Replicate the data exactly, every line included.

(Source material)

Lemma zig_size_diff j k : (j <= k <= t)%N ->
  (size (zig k))%:Z - (size (zig j))%:Z =
  \sum_(j.+1 <= i < k.+1) ((size (QR i))%:Z - (size (QB i))%:Z).
Proof.
move=> jkt; rewrite (zigzag_size_diff (pick_admissible k) (pick_admissible j)).
rewrite -(sum_threshold _ _ jkt); apply: eq_bigr => i _.
by rewrite /pick !size_orient; case: (i <= k)%N; case: (i <= j)%N.
Qed.

Lemma piece_gap_le i : (1 <= i <= t)%N ->
  (size (QR i) <= size (QB i) + ((size (Xs i)).-1 + (size (Ys i)).-1))%N.
Proof.
move=> it; have [iX iY nX nY _] := subpair_facts it.
have [eR eB] := pieces_join it.
have [[_ /andP [_ szR]] [_ /andP [szB _]]] := (H_piece it eR, H_piece it eB).
by case: (Xs i) nX szR => // ? ?; case: (Ys i) nY => // ? ? /=; lia.
Qed.

(* Consecutive zigzags of the schedule k_m = 2m - 3 differ by one or two
   differences |Q_i^R| - |Q_i^B|, hence by between 1 and 2D. *)
Lemma zig_gap m : (1 <= m <= (t + 1)./2)%N ->
  1 <= (size (zig (m.+1.*2 - 3)))%:Z - (size (zig (m.*2 - 3)))%:Z <=
       2 * (\max_(1 <= i < t.+1) ((size (Xs i)).-1 + (size (Ys i)).-1))%:Z.
Proof.
move=> mt; rewrite zig_size_diff; last by move: t_odd mt; lia.
apply: short_sum_bounds => [|i ii]; first lia.
have it : (1 <= i <= t)%N by move: t_odd mt ii; lia.
have := piece_gap_le it; have := QR_longer it.
have : ((size (Xs i)).-1 + (size (Ys i)).-1 <=
        \max_(1 <= i < t.+1) ((size (Xs i)).-1 + (size (Ys i)).-1))%N.
  apply: (@leq_bigmax_seq _ _ xpredT (fun i => ((size (Xs i)).-1 + (size (Ys i)).-1)%N)) => //.
  by rewrite mem_index_iota ltnS.
lia.
Qed.

End Lemma45Construction.

Unset Implicit Arguments.

Theorem lemma4p5 (V : finType) (e : rel V)
  (e_sym : symmetric e) (e_irr : irreflexive e)
  (X Y : seq V) (t : nat) (Xs Ys : nat -> seq V) (d : nat -> nat) :
  section_pair e X Y ->
  odd t -> (1 <= t)%N ->
  (forall i, (1 <= i <= t)%N -> subsection_pair e X Y (Xs i) (Ys i)) ->
  (forall i j, (1 <= i <= t)%N -> (1 <= j <= t)%N -> i <> j ->
     all (fun v => v \notin Xs j) (Xs i) /\ all (fun v => v \notin Ys j) (Ys i)) ->
  (forall i j, (1 <= i)%N -> (i < j)%N -> (j <= t)%N ->
     above X (Xs i) (Xs j) /\ below Y (Ys i) (Ys j)) ->
  (forall i, (1 <= i <= t)%N -> (1 <= d i)%N) ->
  (forall i, (1 <= i <= t)%N ->
     exists QR QB : seq V,
       ((size QR)%:Z - (size QB)%:Z >= (d i)%:Z)%R /\
       (if odd i then H_path_tops e (Xs i) (Ys i) QR /\ H_path_tops e (Xs i) (Ys i) QB
        else H_path_bottoms e (Xs i) (Ys i) QR /\ H_path_bottoms e (Xs i) (Ys i) QB)) ->
  let D := (\max_(1 <= i < t.+1) ((size (Xs i)).-1 + (size (Ys i)).-1))%N in
  exists P : nat -> seq V,
    (forall i, (1 <= i <= (t + 3)./2)%N -> H_path_tops e X Y (P i)) /\
    ((size (P ((t + 3)./2)))%:Z - (size (P 1%N))%:Z >= (\sum_(1 <= i < t.+1) d i)%:Z)%R /\
    (forall i, (1 <= i <= (t + 1)./2)%N ->
       (1 <= (size (P i.+1))%:Z - (size (P i))%:Z <= 2 * D%:Z)%R).
Proof.
move=> XY t_odd _ subpairs _ ordered d_pos pairs D.
have [QR [QB HQ]] := choose_pairs [::] pairs.
have x0 : V by move: XY; rewrite /section_pair; case: (X). (* X is nonempty *)
have ends i (it : (1 <= i <= t)%N) := proj2 (HQ i it).
have longer i (it : (1 <= i <= t)%N) : (size (QB i) < size (QR i))%N.
  by have := proj1 (HQ i it); have := d_pos i it; lia.
pose P m := zig x0 X Y t Xs Ys QR QB (m.*2 - 3).
exists P; split; [|split].
- by move=> m _; apply: (zig_tops x0 e_sym XY t_odd subpairs ordered ends).
- rewrite /P (_ : ((t + 3)./2).*2 - 3 = t); last by move: t_odd; lia.
  rewrite (zig_size_diff x0 e_sym XY subpairs ends) //= -natz natr_sum.
  by apply: ler_sum_nat => i it; rewrite natz; case: (HQ i it).
- by move=> m; apply: (zig_gap x0 e_sym XY t_odd subpairs ends longer).
Qed.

(End Source material)

# Solution below:
Lemma zig_size_diff j k : (j <= k <= t)%N ->
  (size (zig k))%:Z - (size (zig j))%:Z =
  \sum_(j.+1 <= i < k.+1) ((size (QR i))%:Z - (size (QB i))%:Z).
Proof.
move=> jkt; rewrite (zigzag_size_diff (pick_admissible k) (pick_admissible j)).
rewrite -(sum_threshold _ _ jkt); apply: eq_bigr => i _.
by rewrite /pick !size_orient; case: (i <= k)%N; case: (i <= j)%N.
Qed.

Lemma piece_gap_le i : (1 <= i <= t)%N ->
  (size (QR i) <= size (QB i) + ((size (Xs i)).-1 + (size (Ys i)).-1))%N.
Proof.
move=> it; have [iX iY nX nY _] := subpair_facts it.
have [eR eB] := pieces_join it.
have [[_ /andP [_ szR]] [_ /andP [szB _]]] := (H_piece it eR, H_piece it eB).
by case: (Xs i) nX szR => // ? ?; case: (Ys i) nY => // ? ? /=; lia.
Qed.

(* Consecutive zigzags of the schedule k_m = 2m - 3 differ by one or two
   differences |Q_i^R| - |Q_i^B|, hence by between 1 and 2D. *)
Lemma zig_gap m : (1 <= m <= (t + 1)./2)%N ->
  1 <= (size (zig (m.+1.*2 - 3)))%:Z - (size (zig (m.*2 - 3)))%:Z <=
       2 * (\max_(1 <= i < t.+1) ((size (Xs i)).-1 + (size (Ys i)).-1))%:Z.
Proof.
move=> mt; rewrite zig_size_diff; last by move: t_odd mt; lia.
apply: short_sum_bounds => [|i ii]; first lia.
have it : (1 <= i <= t)%N by move: t_odd mt ii; lia.
have := piece_gap_le it; have := QR_longer it.
have : ((size (Xs i)).-1 + (size (Ys i)).-1 <=
        \max_(1 <= i < t.+1) ((size (Xs i)).-1 + (size (Ys i)).-1))%N.
  apply: (@leq_bigmax_seq _ _ xpredT (fun i => ((size (Xs i)).-1 + (size (Ys i)).-1)%N)) => //.
  by rewrite mem_index_iota ltnS.
lia.
Qed.

End Lemma45Construction.

Unset Implicit Arguments.

Theorem lemma4p5 (V : finType) (e : rel V)
  (e_sym : symmetric e) (e_irr : irreflexive e)
  (X Y : seq V) (t : nat) (Xs Ys : nat -> seq V) (d : nat -> nat) :
  section_pair e X Y ->
  odd t -> (1 <= t)%N ->
  (forall i, (1 <= i <= t)%N -> subsection_pair e X Y (Xs i) (Ys i)) ->
  (forall i j, (1 <= i <= t)%N -> (1 <= j <= t)%N -> i <> j ->
     all (fun v => v \notin Xs j) (Xs i) /\ all (fun v => v \notin Ys j) (Ys i)) ->
  (forall i j, (1 <= i)%N -> (i < j)%N -> (j <= t)%N ->
     above X (Xs i) (Xs j) /\ below Y (Ys i) (Ys j)) ->
  (forall i, (1 <= i <= t)%N -> (1 <= d i)%N) ->
  (forall i, (1 <= i <= t)%N ->
     exists QR QB : seq V,
       ((size QR)%:Z - (size QB)%:Z >= (d i)%:Z)%R /\
       (if odd i then H_path_tops e (Xs i) (Ys i) QR /\ H_path_tops e (Xs i) (Ys i) QB
        else H_path_bottoms e (Xs i) (Ys i) QR /\ H_path_bottoms e (Xs i) (Ys i) QB)) ->
  let D := (\max_(1 <= i < t.+1) ((size (Xs i)).-1 + (size (Ys i)).-1))%N in
  exists P : nat -> seq V,
    (forall i, (1 <= i <= (t + 3)./2)%N -> H_path_tops e X Y (P i)) /\
    ((size (P ((t + 3)./2)))%:Z - (size (P 1%N))%:Z >= (\sum_(1 <= i < t.+1) d i)%:Z)%R /\
    (forall i, (1 <= i <= (t + 1)./2)%N ->
       (1 <= (size (P i.+1))%:Z - (size (P i))%:Z <= 2 * D%:Z)%R).
Proof.
move=> XY t_odd _ subpairs _ ordered d_pos pairs D.
have [QR [QB HQ]] := choose_pairs [::] pairs.
have x0 : V by move: XY; rewrite /section_pair; case: (X). (* X is nonempty *)
have ends i (it : (1 <= i <= t)%N) := proj2 (HQ i it).
have longer i (it : (1 <= i <= t)%N) : (size (QB i) < size (QR i))%N.
  by have := proj1 (HQ i it); have := d_pos i it; lia.
pose P m := zig x0 X Y t Xs Ys QR QB (m.*2 - 3).
exists P; split; [|split].
- by move=> m _; apply: (zig_tops x0 e_sym XY t_odd subpairs ordered ends).
- rewrite /P (_ : ((t + 3)./2).*2 - 3 = t); last by move: t_odd; lia.
  rewrite (zig_size_diff x0 e_sym XY subpairs ends) //= -natz natr_sum.
  by apply: ler_sum_nat => i it; rewrite natz; case: (HQ i it).
- by move=> m; apply: (zig_gap x0 e_sym XY t_odd subpairs ends longer).
Qed.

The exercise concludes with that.